Re-railing HDMI Signal Power
If not for re-railing, most of the HDMI systems installed would be in the toilet. Most components are designed to boost HDMI voltage output, or re-rail it, by 1 volt.
Many integrators are totally unaware what a repeater really does, whether under Rev 2.0 or anything else. The term “repeater” in the HDMI world describes a device that contains the necessary electronics to support both an HDMI receiver and HDMI transmitter. These are typically found in Blu-ray players, cable boxes, AVRs, extenders and distribution devices.
Since HDMI is a serial interface, an HDMI receiver positioned at the input brings in the serial data, de-serializes the data and converts it to standard digital video signal. It’s the same type of video we have used over the years for scalers, format converters, and televisions.
This is where manufacturers insert goodies such as OSD (On Screen Display), format conversion, color space modifications, and of course resolution either up or down.

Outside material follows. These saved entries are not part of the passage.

(* Let $n\ge 2$, $b>0$, and let $p_0,\dots,p_{n-2}$ be complex-valued, $C^\infty$, $b$-periodic functions on $\mathbb{R}$; let $\mathcal{L}u := u^{(n)}+\sum_{k=0}^{n-2}p_k(x)u^{(k)}$. Fix $l\in\{0,1,\dots,2n-1\}$, let $S_l=\{\zeta\in\mathbb{C}: l\pi/n\le\arg\zeta\le(l+1)\pi/n\}$, fix $B\ge b$, and let $\omega_1,\dots,\omega_n$ be the $n$ distinct $n$-th roots of unity. Suppose that there are constants $Z,K>0$ such that for every $\zeta\in S_l$ with $|\zeta|>Z$, $y_1=y_1(x;\zeta),\dots,y_n=y_n(x;\zeta)$ are linearly independent solutions of $\mathcal{L}y=\zeta^n y$ satisfying $$\left|\frac{y_j^{(k-1)}(x;\zeta)}{\omega_j^{k-1}\zeta^{k-1}e^{\omega_j\zeta x}}-1\right|\le\frac{K}{|\zeta|},\qquad j,k=1,\dots,n,\ x\in[0,B].$$ Let $Y=[\gamma_{ij}]_{1\le i,j\le n}$ be the matrix of the shift $(\mathcal{T}f)(x)=f(x+b)$ with respect to the basis $y_1,\dots,y_n$, i.e. $y_j(x+b)=\sum_{i=1}^n\gamma_{ij}y_i(x)$. Then $$\gamma_{ij}=e^{\omega_j\zeta b}\left[\delta_{ij}+O(\zeta^{-1})\right]\qquad\text{as }\zeta\to\infty,\ \zeta\in S_l .$$
   Context: Such solutions $y_j$ (called Naimark solutions) exist for $|\zeta|$ sufficiently large in each sector $S_l$. $\delta_{ij}$ is the Kronecker delta. *)

From Stdlib Require Import Reals Arith.
From Coquelicot Require Export Coquelicot.
Open Scope R_scope.

Definition cexp (z : C) : C :=
  (exp (Re z) * cos (Im z), exp (Re z) * sin (Im z)).

Definition derivs_upto (m : nat) (f : R -> C) (D : nat -> R -> C) : Prop :=
  (forall x, D 0%nat x = f x) /\
  (forall k x, (k < m)%nat -> is_derive (D k) x (D (S k) x)).

Definition smooth (f : R -> C) : Prop :=
  exists D : nat -> R -> C,
    (forall x, D 0%nat x = f x) /\
    (forall k x, is_derive (D k) x (D (S k) x)).

Definition sector (n l : nat) (z : C) : Prop :=
  exists theta : R,
    INR l * PI / INR n <= theta <= (INR l + 1) * PI / INR n /\
    z = (Cmod z * cos theta, Cmod z * sin theta).

Definition kdelta (i j : nat) : C := if Nat.eqb i j then 1%C else 0%C.

From Stdlib Require Import Reals Lia Lra.
From Coquelicot Require Import Coquelicot.
Open Scope R_scope.

(* Differentiating y_j(x + b) = sum_i gamma_ij y_i(x) k times and evaluating at
   x = 0 gives, for k < n, the linear system sum_i gamma_ij y_i^(k)(0) = y_j^(k)(b).
   By the asymptotics, y_i^(k)(0) = (omega_i zeta)^k (1 + e_ik) and
   y_j^(k)(b) = (omega_j zeta)^k e^(omega_j zeta b) (1 + e'_k) with |e|, |e'| <= K/|zeta|,
   so c_i = gamma_ij e^(-omega_j zeta b) solves a perturbation of the Vandermonde system
   sum_i c_i omega_i^k = omega_j^k.  Its matrix is the discrete Fourier matrix, which the
   orthogonality of the n-th roots of unity inverts with entries of modulus 1/n; hence
   |c_i - delta_ij| <= eta (1 + sum_i |c_i|) with eta = K/|zeta|, and once n eta <= 1/2
   this forces sum_i |c_i| <= 3 and |c_i - delta_ij| <= 4 eta. *)

Lemma sum_n_single {G : AbelianMonoid} (a : nat -> G) N m :
  (m <= N)%nat -> (forall i, (i <= N)%nat -> i <> m -> a i = zero) -> sum_n a N = a m.
Proof.
  induction N as [|N IH]; intros Hm Ha.
  - rewrite sum_O. now replace m with 0%nat by lia.
  - rewrite sum_Sn. destruct (Nat.eq_dec m (S N)) as [->|Hne].
    + rewrite (sum_n_ext_loc _ (fun _ => zero)); [|intros i Hi; apply Ha; lia].
      unfold sum_n; rewrite sum_n_m_const_zero; apply plus_zero_l.
    + rewrite IH, (Ha (S N)) by (try intros i Hi; try apply Ha; lia).
      apply plus_zero_r.
Qed.

Lemma Cmod_sum_n_le (f : nat -> C) (a : nat -> R) N :
  (forall i, (i <= N)%nat -> Cmod (f i) <= a i) -> Cmod (sum_n f N) <= sum_n a N.
Proof.
  induction N as [|N IH]; intros Hf.
  - rewrite !sum_O. auto.
  - rewrite !sum_Sn. eapply Rle_trans; [apply Cmod_triangle|].
    apply Rplus_le_compat; [apply IH; intros; apply Hf|apply Hf]; lia.
Qed.

Lemma sum_n_Cmult_l (c : C) (f : nat -> C) N :
  sum_n (fun i => (c * f i)%C) N = (c * sum_n f N)%C.
Proof. exact (@sum_n_mult_l C_Ring c f N). Qed.

Lemma sum_n_Rle (f g : nat -> R) N :
  (forall i, (i <= N)%nat -> f i <= g i) -> sum_n f N <= sum_n g N.
Proof. intros Hfg. rewrite !sum_n_Reals. now apply sum_Rle. Qed.

Lemma sum_n_Rplus (f g : nat -> R) N :
  sum_n (fun i => f i + g i) N = sum_n f N + sum_n g N.
Proof. exact (@sum_n_plus R_AbelianMonoid f g N). Qed.

(* The [:> C] annotations state equations in [C] instead of in the carrier of
   [C_AbelianMonoid], where [ring] and [field] do not apply. *)
Lemma sum_n_Cext (f g : nat -> C) N :
  (forall i, (i <= N)%nat -> f i = g i) -> sum_n f N = sum_n g N :> C.
Proof. exact (sum_n_ext_loc f g N). Qed.

Lemma sum_n_Cplus (f g : nat -> C) N :
  sum_n (fun i => f i + g i)%C N = (sum_n f N + sum_n g N)%C :> C.
Proof. exact (@sum_n_plus C_AbelianMonoid f g N). Qed.

Lemma sum_n_Cminus (f g : nat -> C) N :
  sum_n (fun i => f i - g i)%C N = (sum_n f N - sum_n g N)%C :> C.
Proof.
  induction N as [|N IH]; [now rewrite !sum_O|].
  rewrite !sum_Sn. change plus with Cplus. rewrite IH. ring.
Qed.

Lemma Cgeom_sum (r : C) N : ((r - 1) * sum_n (fun k => r ^ k) N = r ^ S N - 1)%C.
Proof.
  induction N as [|N IH].
  - rewrite sum_O. simpl. ring.
  - rewrite sum_Sn. change plus with Cplus.
    rewrite Cmult_plus_distr_l, IH, !Cpow_S. ring.
Qed.

Lemma Cmod_root_of_unity (w : C) N : (w ^ S N = 1)%C -> Cmod w = 1.
Proof.
  intros Hw. assert (Hpow : Cmod w ^ S N = 1) by now rewrite <- Cmod_pow, Hw, Cmod_1.
  destruct (pow_R1 _ _ Hpow) as [Habs|]; [|lia].
  now rewrite Rabs_pos_eq in Habs by apply Cmod_ge_0.
Qed.

Lemma root_of_unity_neq_0 (w : C) N : (w ^ S N = 1)%C -> w <> 0%C.
Proof. intros Hw H0. rewrite H0, Cpow_S, Cmult_0_l in Hw. now apply C1_nz. Qed.

Lemma sum_n_C_one N : sum_n (fun _ => RtoC 1) N = RtoC (INR (S N)).
Proof.
  induction N as [|N IH]; [now rewrite sum_O|].
  rewrite sum_Sn, IH, (S_INR (S N)), RtoC_plus. reflexivity.
Qed.

(* [w m ^ N] is the inverse of [w m]. *)
Lemma roots_of_unity_orthogonality (w : nat -> C) N :
  (forall i, (i <= N)%nat -> (w i ^ S N = 1)%C) ->
  (forall i j, (i <= N)%nat -> (j <= N)%nat -> w i = w j -> i = j) ->
  forall i m, (i <= N)%nat -> (m <= N)%nat ->
  sum_n (fun k => (w m ^ N * w i) ^ k)%C N = (RtoC (INR (S N)) * kdelta i m)%C :> C.
Proof.
  intros Hroot Hinj i m Hi Hm.
  assert (Hinv : (w m * w m ^ N = 1)%C) by (rewrite <- Cpow_S; auto).
  unfold kdelta. destruct (Nat.eqb_spec i m) as [->|Hne].
  - rewrite (sum_n_ext _ (fun _ => RtoC 1)), sum_n_C_one; [ring|].
    intros k. rewrite Cmult_comm, Hinv. apply Cpow_1_l.
  - set (r := (w m ^ N * w i)%C).
    assert (Hr1 : r <> 1%C).
    { intros Hr. apply Hne, Hinj; auto.
      transitivity (w m * r)%C; [unfold r; rewrite Cmult_assoc, Hinv; ring|].
      rewrite Hr. ring. }
    assert (Hrn : (r ^ S N = 1)%C).
    { unfold r. rewrite Cpow_mult_l, <- Cpow_mult_r, Nat.mul_comm, Cpow_mult_r, Hroot, Hroot
        by auto. rewrite Cpow_1_l. ring. }
    assert (Hr0 : (r - 1 <> 0)%C).
    { intros H. apply Hr1. transitivity ((r - 1) + 1)%C; [ring|]. rewrite H. ring. }
    pose proof (Cgeom_sum r N) as Hgeom. rewrite Hrn in Hgeom.
    set (s := sum_n (fun k => r ^ k)%C N) in *.
    replace s with (/ (r - 1) * ((r - 1) * s))%C by (field; auto).
    rewrite Hgeom. ring.
Qed.

Section RootsOfUnitySystem.

Variables (N : nat) (w : nat -> C).
Hypothesis Hroot : forall i, (i <= N)%nat -> (w i ^ S N = 1)%C.
Hypothesis Hinj : forall i j, (i <= N)%nat -> (j <= N)%nat -> w i = w j -> i = j.

Lemma sum_n_kdelta_l (f : nat -> C) j :
  (j <= N)%nat -> sum_n (fun i => kdelta i j * f i)%C N = f j :> C.
Proof.
  intros Hj. rewrite (sum_n_single _ N j Hj); unfold kdelta.
  - rewrite Nat.eqb_refl. apply Cmult_1_l.
  - intros i Hi Hne. apply Nat.eqb_neq in Hne. rewrite Hne. apply Cmult_0_l.
Qed.
(* Let $r>2$ and fix $i_-$ with $1\le i_-\le r-1$; put $i_+=i_-+1$. Denote the generators of $H^e_{r+1}$ by $\check T_i$ ($i\in\mathbb Z/(r+1)\mathbb Z$) and $\check T_\rho^{\pm1}$. Then the assignment \[ T_i\mapsto\begin{cases}\check T_i & 1\le i<i_-,\\ \check T_{i_-}\check T_{i_+}\check T_{i_-}^{-1} & i=i_-,\\ \check T_{i+1} & i_+\le i\le r,\end{cases}\qquad T_\rho\mapsto \check T_{i_+}^{-1}\check T_\rho,\quad T_\rho^{-1}\mapsto \check T_\rho^{-1}\check T_{i_+} \] (where the generators $T_i$ of $H^e_r$ are indexed by $i\in\{1,\dots,r\}$ representing $\mathbb Z/r\mathbb Z$) extends to an injective $\mathcal A$-algebra homomorphism $\phi^e_v:H^e_r\to H^e_{r+1}$.
   Context: $\mathcal A=\mathbb Z[v,v^{-1}]$. For $r>2$, the extended affine Hecke algebra $H^e_r$ of type A (Iwahori–Matsumoto presentation) is the associative unital $\mathcal A$-algebra with generators $T_i$ ($i\in\mathbb Z/r\mathbb Z$) and $T_\rho,T_\rho^{-1}$, subject to: $(T_i-v)(T_i+v^{-1})=0$; $T_iT_{i+1}T_i=T_{i+1}T_iT_{i+1}$; $T_iT_j=T_jT_i$ whenever $i-j\not\equiv\pm1\pmod r$; $T_\rho T_i=T_{i+1}T_\rho$; $T_\rho T_\rho^{-1}=T_\rho^{-1}T_\rho=1$ (all indices taken mod $r$). *)

From HB Require Import structures.
From mathcomp Require Import all_boot all_algebra.
Set Implicit Arguments. Unset Strict Implicit. Unset Printing Implicit Defensive.
Import GRing.Theory.
Local Open Scope ring_scope.

(* Generating data for the extended affine Hecke algebra H^e_r, r = n.+1.
   The coefficient ring A = Z[v,v^-1] is encoded by a central unit v with
   inverse vi (an A-algebra structure on a ring R is exactly such a pair).
   Generators T_i, i in Z/rZ, are indexed by 'I_r (paper index r <-> 0). *)
Record hdata (R : pzRingType) (n : nat) := HData {
  hv : R; hvi : R; hT : 'I_n.+1 -> R; hrho : R; hrhoi : R }.

Definition om (n k : nat) : 'I_n.+1 := Ordinal (ltn_pmod k (ltn0Sn n)).

Definition hecke_rel (R : pzRingType) (n : nat) (g : hdata R n) : Prop :=
  hv g * hvi g = 1 /\ hvi g * hv g = 1 /\
  (forall x : R, hv g * x = x * hv g) /\ (forall x : R, hvi g * x = x * hvi g) /\
  (forall i, (hT g i - hv g) * (hT g i + hvi g) = 0) /\
  (forall i : 'I_n.+1,
     hT g i * hT g (om n i.+1) * hT g i = hT g (om n i.+1) * hT g i * hT g (om n i.+1)) /\
  (forall i j : 'I_n.+1, j != om n i.+1 -> i != om n j.+1 ->
     hT g i * hT g j = hT g j * hT g i) /\
  (forall i : 'I_n.+1, hrho g * hT g i = hT g (om n i.+1) * hrho g) /\
  hrho g * hrhoi g = 1 /\ hrhoi g * hrho g = 1.

Definition hecke_gen_map (R S : pzRingType) (n : nat) (g : hdata R n) (g' : hdata S n)
  (f : R -> S) : Prop :=
  f (hv g) = hv g' /\ f (hvi g) = hvi g' /\ (forall i, f (hT g i) = hT g' i) /\
  f (hrho g) = hrho g' /\ f (hrhoi g) = hrhoi g'.

(* (H, g) is the algebra presented by generators and relations, i.e. it has
   the universal property of the presentation among A-algebras. *)
Definition is_hecke (H : pzRingType) (n : nat) (g : hdata H n) : Prop :=
  hecke_rel g /\
  forall (B : pzRingType) (g' : hdata B n), hecke_rel g' ->
    (exists f : {rmorphism H -> B}, hecke_gen_map g g' f) /\
    (forall f1 f2 : {rmorphism H -> B},
        hecke_gen_map g g' f1 -> hecke_gen_map g g' f2 -> f1 =1 f2).

(* Write T'_i, T'_rho for the generators of H^e_(r+1).  Conjugation by phi(T_rho)
   shifts the images of the T_i cyclically, so the relations of H^e_r need only be
   checked at one index; the one new relation there is that T'_0 braids with
   T'_1 T'_2 T'_1^-1 (the case i_- = 1).

   Injectivity: H^e_(r+1) acts on the free right H^e_r-module with basis e_0, ..., e_r,
   giving psi : H^e_(r+1) -> M_(r+1)(H^e_r).  One checks psi (phi x) e_(i_-) = e_(i_-) x
   on generators; an intertwining property that holds on generators holds everywhere,
   so x is the (i_-, i_-) entry of psi (phi x). *)

From HB Require Import structures.
From mathcomp Require Import all_boot all_algebra.
From mathcomp Require Import zify.
Set Implicit Arguments. Unset Strict Implicit. Unset Printing Implicit Defensive.
Import GRing.Theory.
Local Open Scope ring_scope.

Lemma om_ord n (i : 'I_n.+1) : om n i = i.
Proof. by apply/val_inj; rewrite /= modn_small. Qed.

Lemma om_modDl n a b : om n (om n a + b) = om n (a + b).
Proof. by apply/val_inj; rewrite /= modnDml. Qed.

Lemma om_succ n k : om n (om n k).+1 = om n k.+1.
Proof. by rewrite -[(om n k).+1]addn1 om_modDl addn1. Qed.

Lemma modn_succ n j : (j < n.+1)%N -> (j.+1 %% n.+1 = if j == n then 0 else j.+1)%N.
Proof. by case: eqP => [->|ne lt]; rewrite ?modnn // modn_small //; lia. Qed.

After they are done playing around with the video, it gets routed to an HDMI transmitter that re-serializes the standard digital video and converts it all back to an HDMI format as an output.
Needless to say, this process could not be possible unless these devices have some kind of power to supply the chipsets that do all this work. Remember, we are talking digital here: When data enters the component, it gets massaged by a ton of electronics that only know what a 0 and 1 is. The 0 has no bearing, it’s the 1 that makes this story so interesting. You see, to make a 1, the chipset must “PULL UP” the incoming data using its power supply to bring the data up to what we call a “rail.” With HDMI it is usually 1 volt.
This is a walk in the park for these chips since they are fed as much as 5, 3.3 or even 1.8 volts DC. The chip will always output the data at the specified rail voltage it was designed for. In HDMI’s case it will PULL IT UP to 1 volt. So you see as long as there is enough dynamic range between the 0 and 1 that enters the component the data can be identified and re-railed.
Just like that, we have a refreshed HDMI signal coming out. If it were not for this re-railing process all those HDMI systems you installed would be in the toilet right from the start. Now don’t get overjoyed about this because it can also sting you. Ever notice that sometimes you can install a system and it works perfectly fine? Then you install the same exact system with one small addition like another repeater such as a distribution device and the system goes dark. It does not matter whether the repeater is a distribution device or AVR; the point here is that there was a change.
Most components are designed to boost HDMI voltage output, or “re-rail” it, by 1 volt.
Just because it went through another repeater does not mean that all is well. Sure, the chipsets in most cases do their job and supply the necessary rail needed for its output. However that’s only part of the story. Now each manufacturer of the device must get the HDMI signal to the outside world. In many cases this could make or break a system depending on the integrity of the build. We have seen products actually produce output signals worse than the ones going in!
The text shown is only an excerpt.